The amount of fresh water available for human use is of utmost importance. Until the recent rainfall which ended a drought in Cape Town, South Africa, the government there had been desperately planning for Day Zero: the day when the city's water supply would run dry. So knowing where the fresh water is, and where it's going, is enormously important when planning for the future.
Now, using data gathered by the Gravity Recovery and Climate Satellite (GRACE) from 2002 to 2016, a team at NASA Goddard Space Flight Centre were able to measure trends in the amount of freshwater in any particular region, once they had accounted for the change caused by the seasons.
"We found eight were associated with climate change, 14 associated with direct human impact, water management in particular and groundwater pumping and only 12 of them were caused by natural variability alone," says Chief of the Hydrological Science Laboratory at NASA Goddard, Matthew Rodell.
GRACE is a unique satellite system for two reasons. The first is that it doesn’t use electromagnetic waves, like light or radio, from the planet to make its measurements. The second is that it’s actually a pair of satellites.

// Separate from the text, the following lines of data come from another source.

Lemma sphere_isosceles_vectors (al de : R) :
  0 < al -> 4 * al <= PI -> 0 < de <= 2 * al ->
  exists B1 B2 B3 : R3,
    euclid_dot B1 B1 = 1 /\ euclid_dot B2 B2 = 1 /\ euclid_dot B3 B3 = 1 /\
    euclid_dot B1 B2 = cos (2 * al) /\ euclid_dot B1 B3 = cos (2 * al) /\
    euclid_dot B2 B3 = cos de.
Proof.
  intros Hal Hpi Hde. pose proof PI_RGT_0.
  set (c := cos (2 * al)). set (s := sin (2 * al)).
  assert (Hs : 0 < s) by (apply sin_gt_0; lra).
  assert (Hcs : s ^ 2 + c ^ 2 = 1).
  { pose proof (sin2_cos2 (2 * al)). unfold Rsqr in *. unfold s, c. lra. }
  assert (Hlow : c ^ 2 - s ^ 2 <= cos de).
  { replace (c ^ 2 - s ^ 2) with (cos (2 * (2 * al))) by (unfold c, s; rewrite cos_2a; ring).
    left. apply cos_decreasing_1; lra. }
  assert (Hup : cos de <= 1) by apply COS_bound.
  destruct (circle_point s (cos de - c ^ 2)) as (a & b & Ha & Hab); [lra | lra |].
  exists (1, 0, 0), (c, s, 0), (c, a, b).
  unfold euclid_dot, p0, p1, p2; simpl. repeat split; nra.
Qed.

Section Sphere.
Variable kappa : R.
Hypothesis Hkappa : 0 < kappa.

Let lam := sqrt kappa.

Let lam_pos : 0 < lam.
Proof. apply sqrt_lt_R0, Hkappa. Qed.

Let lam_sq : lam * lam = kappa.
Proof. apply sqrt_sqrt. lra. Qed.

Lemma on_model_sphere (P : R3) : euclid_dot P P = 1 -> on_model kappa (scale3 (/ lam) P).
Proof.
  intros HP. unfold on_model. destruct (Rlt_dec 0 kappa); [|lra].
  rewrite euclid_dot_scale3, HP, <- lam_sq. pose proof lam_pos. field. lra.
Qed.

Definition sphere_point (P : R3) (HP : euclid_dot P P = 1) : Mk kappa :=
  exist _ (scale3 (/ lam) P) (on_model_sphere P HP).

The two fly about 220 km apart in an orbit that takes them over the Earth’s poles, and they measure the distance between themselves. When one satellite passes through an area of high gravity, it gets pulled ahead of the other slightly. This change is registered and can be used to build up a map of Earth’s gravity field.

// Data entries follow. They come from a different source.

Lemma kerLX_kerL k (Y : 'M_n.+1) : L ^+ k *m Y = 0 -> L *m Y = 0.
Proof.
elim: k Y => [|k IH] Y; first by rewrite expr0 mul1mx => ->; rewrite mulmx0.
by rewrite exprSr -mulmxE -mulmxA => /IH /kerL_cap_imL; apply.
Qed.

Lemma horner_mx_const (p : {poly R}) : horner_mx M p *m (const_mx 1 : 'cV_n.+1) = const_mx p.[1].
Proof.
elim/poly_ind: p => [|p c IH].
  by apply/matrixP => i j; rewrite rmorph0 mul0mx horner0 !mxE.
rewrite rmorphD rmorphM /= horner_mx_X horner_mx_C mulmxDl -mulmxE -mulmxA M_ones IH.
by rewrite mul_scalar_mx hornerMXaddC; apply/matrixP => i j; rewrite !mxE !mulr1.
Qed.

Theorem alg_positive_of_simple_eigenvalue : alg_positive M.
Proof.
have [m [r r1 charM]] := multiplicity_XsubC (char_poly M) 1.
have {}r1 : r.[1] != 0 by move: r1; rewrite monic_neq0 ?char_poly_monic.
set X := horner_mx M r.
have hL : horner_mx M ('X - 1%:P) = L by rewrite rmorphB /= horner_mx_X horner_mx_C.
have LX : L *m X = 0.
  apply: (kerLX_kerL (k := m)); rewrite mulmxE -hL -rmorphXn -rmorphM /= mulrC -charM.
  exact: Cayley_Hamilton.
have XM : X *m M = X.
  have : X *m L = 0 by rewrite mulmxE -hL -rmorphM mulrC rmorphM /= hL -mulmxE.
  by rewrite mulmxBr mulmxE mulr1 => /eqP; rewrite subr_eq0 => /eqP.
have [c rowX] : exists c, row 0 X = c *: h by apply: left_fixed; rewrite -row_mul XM.
have XE i j : X i j = c * h 0 j.
  by rewrite (fixed_cols_const (kerL_fixed LX)); have /matrixP/(_ 0 j) := rowX; rewrite !mxE.
have c_neq0 : c != 0.
  apply: contra r1 => /eqP c0; have /matrixP/(_ 0 0) := horner_mx_const r.
  by rewrite !mxE -/X => <-; apply/eqP/big1 => j _; rewrite XE c0 !mul0r.
exists (r * r) => i j; rewrite rmorphM /= -/X -mulmxE mxE.
under eq_bigr do rewrite !XE mulrACA -expr2 mulrC.
rewrite -!mulr_suml mulr_gt0 ?exprn_even_gt0 //.
exact: mulr_gt0 h_sum_gt0 (h_gt0 j).
Qed.

End SimpleEigenvalue.

Definition circulation (R : nmodType) n (Z : 'M[R]_n) :=
  forall k, \sum_j Z k j = \sum_j Z j k.

Definition harmonic (R : pzRingType) n (F : 'M[R]_n) (v : 'I_n -> R) :=
  forall i, \sum_j F i j * (v i - v j) = 0.

Definition harmonic_const (R : pzRingType) n (F : 'M[R]_n) :=
  forall v, harmonic F v -> forall i j, v i = v j.

Definition row_normalize (R : fieldType) n (F : 'M[R]_n) : 'M[R]_n :=
  \matrix_(i, j) (F i j / \sum_k F i k).

Lemma harmonicE (R : comPzRingType) n (F : 'M[R]_n) (v : 'I_n -> R) i :
  \sum_j F i j * (v i - v j) = v i * \sum_j F i j - \sum_j F i j * v j.
Proof. by rewrite mulr_sumr -sumrB; apply: eq_bigr => j _; rewrite mulrBr mulrC. Qed.

Section RowNormalize.

Variables (R : realType) (n : nat) (F : 'M[R]_n.+1).
Hypothesis F_circ : circulation F.
Hypothesis rowsum_gt0 : forall i, 0 < \sum_j F i j.

Let rowsum_neq0 i : \sum_j F i j != 0. Proof. by rewrite gt_eqF. Qed.

Lemma row_normalize_fixed_harmonic (v : 'cV_n.+1) :
  row_normalize F *m v = v -> harmonic F (fun i => v i 0).
Proof.
move=> /matrixP Mv i; rewrite harmonicE; apply/eqP; rewrite subr_eq0; apply/eqP.
have := Mv i 0; rewrite mxE; under eq_bigr do rewrite mxE mulrAC.
by rewrite -mulr_suml => <-; rewrite divfK.
Qed.

Lemma row_normalize_AP :
  harmonic_const F -> harmonic_const F^T -> alg_positive (row_normalize F).
Proof.
move=> F_const FT_const.
apply: (@alg_positive_of_simple_eigenvalue _ _ _ (\row_j \sum_k F j k)).
- by move=> j; rewrite mxE.
- apply/matrixP => i j; rewrite !mxE; under eq_bigr do rewrite !mxE mulr1.
  by rewrite -mulr_suml divff.
- apply/matrixP => i j; rewrite !mxE F_circ; apply: eq_bigr => k _.
  by rewrite !mxE mulrC divfK.
- move=> v /row_normalize_fixed_harmonic /F_const vc.
  by exists (v 0 0); apply/matrixP => i j; rewrite ord1 mxE (vc i 0).
move=> w /matrixP wM; exists (w 0 0 / \sum_k F 0 k); apply/matrixP => i j.
rewrite ord1 !mxE; apply/esym/(canLR (divfK (rowsum_neq0 j))).
apply: (FT_const (fun k => w 0 k / \sum_l F k l)) => k.
rewrite harmonicE; apply/eqP; rewrite subr_eq0; apply/eqP.
have colF : \sum_l F^T k l = \sum_l F k l by rewrite F_circ; apply: eq_bigr => l _; rewrite mxE.
rewrite colF divfK // -{1}wM mxE; apply: eq_bigr => l _.
by rewrite !mxE mulrCA !mulrA.
Qed.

Using this system, the NASA team were able to confirm changes in water availability that were known anecdotally, such as in northern India, but were also able to spot previously unknown changes, like groundwater depletion happening in Northern China.

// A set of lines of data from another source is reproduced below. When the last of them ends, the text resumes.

(* Let $S$ be a group and $L, L'$ subgroups of $S$, and let $k$ be a positive integer. Write $A^{\times k}$ for the direct product of $k$ copies of a group $A$, so that $L^{\times k}$ and $L'^{\times k}$ are subgroups of $S^{\times k}$. (1) If $(S,L,L')$ is a Gassman-Sunada triple with property FF, then $(S^{\times k},L^{\times k},L'^{\times k})$ is a Gassman-Sunada triple with property FF. (2) If $(S,L,L')$ is an EC-triple with property FF, then $(S^{\times k},L^{\times k},L'^{\times k})$ is an EC-triple with property FF.
   Context: A triple $(G,H,H')$ with $H,H'\le G$ is a Gassman-Sunada triple (almost conjugate, AC) if there is a bijection $B:H\to H'$ such that $B(h)$ is conjugate to $h$ in $G$ for every $h\in H$ (equivalently, $|g^G\cap H|=|g^G\cap H'|$ for all $g\in G$). It is an EC-triple ($H,H'$ elementwise conjugate) if every element of $H$ is conjugate in $G$ to some element of $H'$ and every element of $H'$ is conjugate in $G$ to some element of $H$. The triple has property FF if no nontrivial normal subgroup of $G$ is contained in $H$, and no nontrivial normal subgroup of $G$ is contained in $H'$ (i.e. the left-translation actions of $G$ on $G/H$ and on $G/H'$ are faithful). *)

From HB Require Import structures.
From mathcomp Require Import all_boot all_fingroup.
Set Implicit Arguments. Unset Strict Implicit. Unset Printing Implicit Defensive.
Local Open Scope group_scope.

Definition GS_triple (gT : finGroupType) (G H H' : {set gT}) : Prop :=
  H \subset G /\ H' \subset G /\
  exists B : gT -> gT,
    [/\ {in H &, injective B}, B @: H = H' & {in H, forall h, B h \in h ^: G}].

Definition EC_triple (gT : finGroupType) (G H H' : {set gT}) : Prop :=
  H \subset G /\ H' \subset G /\
  (forall h, h \in H -> exists2 h', h' \in H' & h' \in h ^: G) /\
  (forall h', h' \in H' -> exists2 h, h \in H & h \in h' ^: G).

Definition FF_prop (gT : finGroupType) (G H H' : {set gT}) : Prop :=
  forall N : {group gT}, N <| G -> (N \subset H) || (N \subset H') -> N = 1 :> {set gT}.

(* k-fold direct product S^{x k}: the group {dffun 'I_k -> gT} with pointwise
   multiplication (gproduct.v), and A^{x k} = setXn of k copies of A. *)
Notation powT gT k := {dffun forall i : 'I_k, gT}.
Definition setpow (gT : finGroupType) (k : nat) (A : {set gT}) : {set powT gT k} :=
  setXn (fun _ : 'I_k => A).

From HB Require Import structures.
From mathcomp Require Import all_boot all_fingroup.
Set Implicit Arguments. Unset Strict Implicit. Unset Printing Implicit Defensive.
Local Open Scope group_scope.

(* Membership and conjugacy in a direct product are read coordinatewise, so
   bijections B_i : H_i -> H'_i (or elementwise matchings) assemble into one
   on the product.  For FF, a normal subgroup N
   of the product contained in the product of the H_i projects in each
   coordinate onto a normal subgroup of G_i contained in H_i, which is trivial;
   hence every coordinate of every element of N is 1. *)

Section DirectProductTriples.
Variables (I : finType) (gT : I -> finGroupType).
Local Notation gTn := {dffun forall i : I, gT i}.

Lemma conjg_dffun (x y : gTn) i : (x ^ y) i = x i ^ y i.
Proof. by rewrite /conjg !mulg_ffun invg_ffun. Qed.

Lemma dffun_all_exists (P : forall i, gT i -> Prop) :
  (forall i, exists x, P i x) -> exists f : gTn, forall i, P i (f i).
Proof. by case/fin_all_exists => f Pf; exists (finfun f) => i; rewrite ffunE. Qed.

Lemma classXnP (G : forall i, {set gT i}) (x y : gTn) :
  reflect (forall i, y i \in x i ^: G i) (y \in x ^: setXn G).
Proof.
apply: (iffP idP) => [/imsetP[g /setXnP Gg ->] i | yG].
  by rewrite conjg_dffun; apply: imset_f.
have /dffun_all_exists[g Gg] i : exists g, g \in G i /\ y i = x i ^ g.
  by have /imsetP[g ? ->] := yG i; exists g.
apply/imsetP; exists g; first by apply/setXnP => i; case: (Gg i).
by apply/ffunP => i; rewrite conjg_dffun; case: (Gg i).
Qed.

Lemma GS_tripleXn (G H H' : forall i, {set gT i}) :
  (forall i, GS_triple (G i) (H i) (H' i)) ->
  GS_triple (setXn G) (setXn H) (setXn H').
Proof.
move=> GS_G; have [sHG sH'G] : (forall i, H i \subset G i) /\
    (forall i, H' i \subset G i) by split=> i; case: (GS_G i) => [? []].
have /fin_all_exists[B /all_and3[injB imB conjB]] i : exists B : gT i -> gT i,
    [/\ {in H i &, injective B}, B @: H i = H' i & {in H i, forall h, B h \in h ^: G i}].
  by case: (GS_G i) => _ [].
split; [exact: setXnS | split; first exact: setXnS].
exists (fun f : gTn => finfun (fun i => B i (f i))); split.
- move=> f g /setXnP Hf /setXnP Hg /ffunP eq_fg; apply/ffunP => i.
  by apply: injB => //; have := eq_fg i; rewrite !ffunE.
- apply/setP => g; apply/imsetP/setXnP => [[f /setXnP Hf ->] i | H'g].
    by rewrite ffunE -imB imset_f.
  have /dffun_all_exists[f Hf] i : exists h, h \in H i /\ g i = B i h.
    by have := H'g i; rewrite -imB => /imsetP[h ? ->]; exists h.
  exists f; first by apply/setXnP => i; case: (Hf i).
  by apply/ffunP => i; rewrite ffunE; case: (Hf i).
- by move=> f /setXnP Hf; apply/classXnP => i; rewrite ffunE conjB.
Qed.

Lemma classXn_meet (G A : forall i, {set gT i}) (f : gTn) :
  (forall i, exists2 a, a \in A i & a \in f i ^: G i) ->
  exists2 g, g \in setXn A & g \in f ^: setXn G.
Proof.
move=> match_f.
have /dffun_all_exists[g Ag] i : exists a, a \in A i /\ a \in f i ^: G i.
  by have [a ? ?] := match_f i; exists a.
exists g; first by apply/setXnP => i; case: (Ag i).
by apply/classXnP => i; case: (Ag i).
Qed.

Lemma EC_tripleXn (G H H' : forall i, {set gT i}) :
  (forall i, EC_triple (G i) (H i) (H' i)) ->
  EC_triple (setXn G) (setXn H) (setXn H').
Proof.
move=> EC_G; split; first by apply: setXnS => i; case: (EC_G i).
split; first by apply: setXnS => i; case: (EC_G i) => _ [].
split=> f /setXnP Hf; apply: (@classXn_meet G) => i.
  by case: (EC_G i) => _ [_ [match_H _]]; apply: match_H.
by case: (EC_G i) => _ [_ [_ match_H']]; apply: match_H'.
Qed.

Lemma FF_propXn (G H H' : forall i, {group gT i}) :
  (forall i, FF_prop (G i) (H i) (H' i)) ->
  FF_prop (setXn G) (setXn H) (setXn H').
Proof.
move=> FF_G N nsNG sN_HH'; apply/trivgP/subsetP => f Nf.
apply/set1P/ffunP => i; rewrite oneg_ffun.
pose pi := dffun_morphism gT i.
have nsNiG : pi @* N <| G i by rewrite -(morphim_dffunXn i G) morphim_normal.
have sNi_HH' : (pi @* N \subset H i) || (pi @* N \subset H' i).
  rewrite -(morphim_dffunXn i H) -(morphim_dffunXn i H').
  by case/orP: sN_HH' => /(morphimS pi) ->; rewrite ?orbT.
have : f i \in pi @* N by apply: (mem_morphim pi); rewrite ?inE.
by rewrite (FF_G i (pi @* N)%G) // => /set1P.
Qed.

End DirectProductTriples.

Theorem mainTheorem1 (gT : finGroupType) (S L L' : {group gT}) (k : nat) :
  0 < k ->
  (GS_triple S L L' /\ FF_prop S L L' ->
     GS_triple (setpow k S) (setpow k L) (setpow k L') /\
     FF_prop (setpow k S) (setpow k L) (setpow k L')) /\
  (EC_triple S L L' /\ FF_prop S L L' ->
     EC_triple (setpow k S) (setpow k L) (setpow k L') /\
     FF_prop (setpow k S) (setpow k L) (setpow k L')).
Proof.
move=> _; have FFk := @FF_propXn _ (fun _ : 'I_k => gT) (fun=> S) (fun=> L) (fun=> L').
split=> [[GS FF] | [EC FF]]; split; try exact: FFk.
- exact: (@GS_tripleXn _ (fun _ : 'I_k => gT) (fun=> S) (fun=> L) (fun=> L')).
- exact: (@EC_tripleXn _ (fun _ : 'I_k => gT) (fun=> S) (fun=> L) (fun=> L')).
Qed.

The largest changes, both gains and losses, occurred in Antarctica. The increases in freshwater were likely caused by snow accumulation, whereas the losses were likely due to the impact of climate change.
The cause of these changes in the amount of freshwater has a variety of causes. Many are caused by, or likely to have been caused by climate change. There were, however, several other factors. An increase of freshwater in Eastern China was likely due to the filling of the Three Gorges Dam, and other reservoirs.
By looking at how much any trend looks like a straight line on a graph, also called its “coefficient of determination”, the team were able to make inferences about how lasting, or temporary, any trend might be.
"People are somewhat addicted to groundwater use for irrigating agriculture, so it would take a substantial change, perhaps a policy change or a great improvement in water use efficiency in order for those trends to diminish," explains Rodell.
An understanding of this model and an awareness of freshwater availability across the globe is vitally important. The knowledge that a place may be running out of freshwater will help local governments plan for their future.
Commenting on the results, which are published in the journal Nature, Rodell emphasises the crucial importance of water to human existence, pointing out that "it's critical we have an understanding of how freshwater availability is changing and this is the first time we really have a global map of how those changes have been occurring."